Task details:
Below are some records. Reproduce them exactly from their first line through the line with "in a partial", inclusive.

Supplied data:
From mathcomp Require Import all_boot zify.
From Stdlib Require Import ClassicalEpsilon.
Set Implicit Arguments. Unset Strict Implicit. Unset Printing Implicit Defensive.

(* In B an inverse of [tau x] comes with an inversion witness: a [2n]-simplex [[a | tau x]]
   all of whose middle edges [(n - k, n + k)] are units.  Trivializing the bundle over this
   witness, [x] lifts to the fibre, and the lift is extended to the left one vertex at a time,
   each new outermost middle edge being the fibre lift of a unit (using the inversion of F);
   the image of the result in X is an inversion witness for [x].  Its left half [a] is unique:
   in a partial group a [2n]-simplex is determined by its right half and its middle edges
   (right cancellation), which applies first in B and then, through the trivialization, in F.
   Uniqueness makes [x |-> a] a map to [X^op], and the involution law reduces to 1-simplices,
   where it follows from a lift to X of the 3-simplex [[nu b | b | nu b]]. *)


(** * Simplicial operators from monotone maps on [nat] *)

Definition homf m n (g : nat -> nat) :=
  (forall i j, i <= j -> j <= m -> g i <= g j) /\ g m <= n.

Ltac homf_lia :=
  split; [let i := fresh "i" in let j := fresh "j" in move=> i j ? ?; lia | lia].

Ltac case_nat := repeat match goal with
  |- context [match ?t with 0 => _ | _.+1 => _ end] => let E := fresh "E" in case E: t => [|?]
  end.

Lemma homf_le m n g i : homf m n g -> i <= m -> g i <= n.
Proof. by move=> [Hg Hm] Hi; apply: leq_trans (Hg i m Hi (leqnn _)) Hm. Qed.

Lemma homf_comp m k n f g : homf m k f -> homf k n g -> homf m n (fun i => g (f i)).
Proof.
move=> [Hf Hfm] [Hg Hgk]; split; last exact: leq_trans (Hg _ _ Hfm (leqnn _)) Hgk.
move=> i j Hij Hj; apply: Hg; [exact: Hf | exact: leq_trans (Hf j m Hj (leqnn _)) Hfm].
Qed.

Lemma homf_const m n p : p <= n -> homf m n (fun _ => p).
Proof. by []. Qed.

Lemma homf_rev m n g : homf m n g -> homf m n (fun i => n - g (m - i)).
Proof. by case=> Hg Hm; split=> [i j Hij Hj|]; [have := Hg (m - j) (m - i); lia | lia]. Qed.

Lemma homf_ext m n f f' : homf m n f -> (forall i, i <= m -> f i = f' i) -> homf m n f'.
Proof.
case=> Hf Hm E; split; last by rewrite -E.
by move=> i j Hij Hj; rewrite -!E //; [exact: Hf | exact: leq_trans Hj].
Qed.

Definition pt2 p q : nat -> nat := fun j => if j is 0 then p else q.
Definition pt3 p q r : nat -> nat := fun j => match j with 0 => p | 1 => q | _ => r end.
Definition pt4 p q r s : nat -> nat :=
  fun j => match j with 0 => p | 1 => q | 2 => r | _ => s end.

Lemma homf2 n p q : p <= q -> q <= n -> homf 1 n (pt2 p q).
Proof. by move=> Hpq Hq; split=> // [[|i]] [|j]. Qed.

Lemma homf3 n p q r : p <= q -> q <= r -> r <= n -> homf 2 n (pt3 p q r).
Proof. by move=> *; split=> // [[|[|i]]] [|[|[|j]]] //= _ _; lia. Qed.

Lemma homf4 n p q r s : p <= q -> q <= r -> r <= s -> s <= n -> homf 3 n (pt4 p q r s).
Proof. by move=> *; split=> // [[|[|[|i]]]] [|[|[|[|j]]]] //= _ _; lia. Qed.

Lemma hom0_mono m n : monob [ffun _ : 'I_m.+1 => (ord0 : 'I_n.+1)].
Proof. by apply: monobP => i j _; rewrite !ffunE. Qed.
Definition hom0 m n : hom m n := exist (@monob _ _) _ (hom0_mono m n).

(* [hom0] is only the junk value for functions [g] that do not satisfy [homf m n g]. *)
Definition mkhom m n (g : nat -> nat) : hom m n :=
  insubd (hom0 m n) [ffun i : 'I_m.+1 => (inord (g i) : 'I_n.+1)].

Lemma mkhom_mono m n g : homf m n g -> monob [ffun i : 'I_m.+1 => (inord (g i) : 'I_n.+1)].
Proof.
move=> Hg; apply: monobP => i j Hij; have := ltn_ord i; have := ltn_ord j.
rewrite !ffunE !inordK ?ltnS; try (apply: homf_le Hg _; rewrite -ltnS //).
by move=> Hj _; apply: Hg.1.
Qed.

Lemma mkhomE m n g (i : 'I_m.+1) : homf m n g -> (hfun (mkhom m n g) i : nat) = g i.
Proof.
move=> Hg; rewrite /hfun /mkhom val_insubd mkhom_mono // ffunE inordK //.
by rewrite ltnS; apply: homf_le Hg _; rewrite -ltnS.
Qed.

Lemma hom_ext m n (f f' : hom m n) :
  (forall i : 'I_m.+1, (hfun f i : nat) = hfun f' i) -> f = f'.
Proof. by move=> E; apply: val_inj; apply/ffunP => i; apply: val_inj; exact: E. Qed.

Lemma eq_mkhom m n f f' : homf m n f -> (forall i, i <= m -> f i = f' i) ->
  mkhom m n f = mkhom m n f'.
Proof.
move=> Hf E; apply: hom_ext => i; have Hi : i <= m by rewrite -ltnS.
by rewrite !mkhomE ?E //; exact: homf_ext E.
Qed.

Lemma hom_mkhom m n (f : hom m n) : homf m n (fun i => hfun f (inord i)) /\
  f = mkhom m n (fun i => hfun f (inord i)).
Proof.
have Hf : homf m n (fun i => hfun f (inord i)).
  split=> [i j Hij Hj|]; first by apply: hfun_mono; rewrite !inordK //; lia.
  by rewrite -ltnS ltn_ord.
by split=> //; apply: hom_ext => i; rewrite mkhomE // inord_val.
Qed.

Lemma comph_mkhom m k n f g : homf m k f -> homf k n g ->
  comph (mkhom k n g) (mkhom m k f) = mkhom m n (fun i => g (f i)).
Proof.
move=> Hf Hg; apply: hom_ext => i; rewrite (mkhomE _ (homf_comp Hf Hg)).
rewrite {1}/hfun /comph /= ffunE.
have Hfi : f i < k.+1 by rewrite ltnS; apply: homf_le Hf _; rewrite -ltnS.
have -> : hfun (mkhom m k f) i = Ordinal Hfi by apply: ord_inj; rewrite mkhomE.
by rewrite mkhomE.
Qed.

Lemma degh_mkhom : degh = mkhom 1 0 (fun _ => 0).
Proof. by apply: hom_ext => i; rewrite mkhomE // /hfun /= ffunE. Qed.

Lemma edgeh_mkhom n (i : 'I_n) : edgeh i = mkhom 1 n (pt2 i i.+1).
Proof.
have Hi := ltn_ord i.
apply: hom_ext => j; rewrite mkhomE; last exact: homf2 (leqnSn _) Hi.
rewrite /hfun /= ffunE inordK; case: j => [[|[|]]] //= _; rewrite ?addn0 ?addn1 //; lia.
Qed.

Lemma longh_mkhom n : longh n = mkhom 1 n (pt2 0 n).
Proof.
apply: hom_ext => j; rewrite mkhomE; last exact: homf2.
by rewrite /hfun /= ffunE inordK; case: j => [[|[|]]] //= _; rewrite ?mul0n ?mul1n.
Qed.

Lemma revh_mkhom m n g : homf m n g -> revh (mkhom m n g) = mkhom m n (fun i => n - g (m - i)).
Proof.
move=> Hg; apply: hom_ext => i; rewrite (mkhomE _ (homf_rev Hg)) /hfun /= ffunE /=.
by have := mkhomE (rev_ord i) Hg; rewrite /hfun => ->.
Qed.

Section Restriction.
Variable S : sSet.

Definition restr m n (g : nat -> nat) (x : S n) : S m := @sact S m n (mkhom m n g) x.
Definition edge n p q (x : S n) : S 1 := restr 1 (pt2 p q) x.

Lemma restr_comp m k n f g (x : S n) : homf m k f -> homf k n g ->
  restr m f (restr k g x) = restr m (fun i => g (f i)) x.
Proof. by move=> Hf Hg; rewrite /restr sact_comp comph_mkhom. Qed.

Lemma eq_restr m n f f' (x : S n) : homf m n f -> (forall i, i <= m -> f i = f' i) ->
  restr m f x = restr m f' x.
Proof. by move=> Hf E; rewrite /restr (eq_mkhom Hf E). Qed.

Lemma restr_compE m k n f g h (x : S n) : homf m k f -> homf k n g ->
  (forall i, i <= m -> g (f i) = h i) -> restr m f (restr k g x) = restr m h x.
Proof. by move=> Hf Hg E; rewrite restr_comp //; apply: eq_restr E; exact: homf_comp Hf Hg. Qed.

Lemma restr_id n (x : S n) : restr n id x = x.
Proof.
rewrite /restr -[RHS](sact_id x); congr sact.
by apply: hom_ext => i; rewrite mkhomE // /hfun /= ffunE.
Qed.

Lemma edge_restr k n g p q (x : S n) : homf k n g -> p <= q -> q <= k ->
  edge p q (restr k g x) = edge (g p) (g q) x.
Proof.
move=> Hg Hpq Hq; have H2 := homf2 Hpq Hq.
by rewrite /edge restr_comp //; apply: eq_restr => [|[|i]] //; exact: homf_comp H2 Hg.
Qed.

Result below:
From mathcomp Require Import all_boot zify.
From Stdlib Require Import ClassicalEpsilon.
Set Implicit Arguments. Unset Strict Implicit. Unset Printing Implicit Defensive.

(* In B an inverse of [tau x] comes with an inversion witness: a [2n]-simplex [[a | tau x]]
   all of whose middle edges [(n - k, n + k)] are units.  Trivializing the bundle over this
   witness, [x] lifts to the fibre, and the lift is extended to the left one vertex at a time,
   each new outermost middle edge being the fibre lift of a unit (using the inversion of F);
   the image of the result in X is an inversion witness for [x].  Its left half [a] is unique:
   in a partial group a [2n]-simplex is determined by its right half and its middle edges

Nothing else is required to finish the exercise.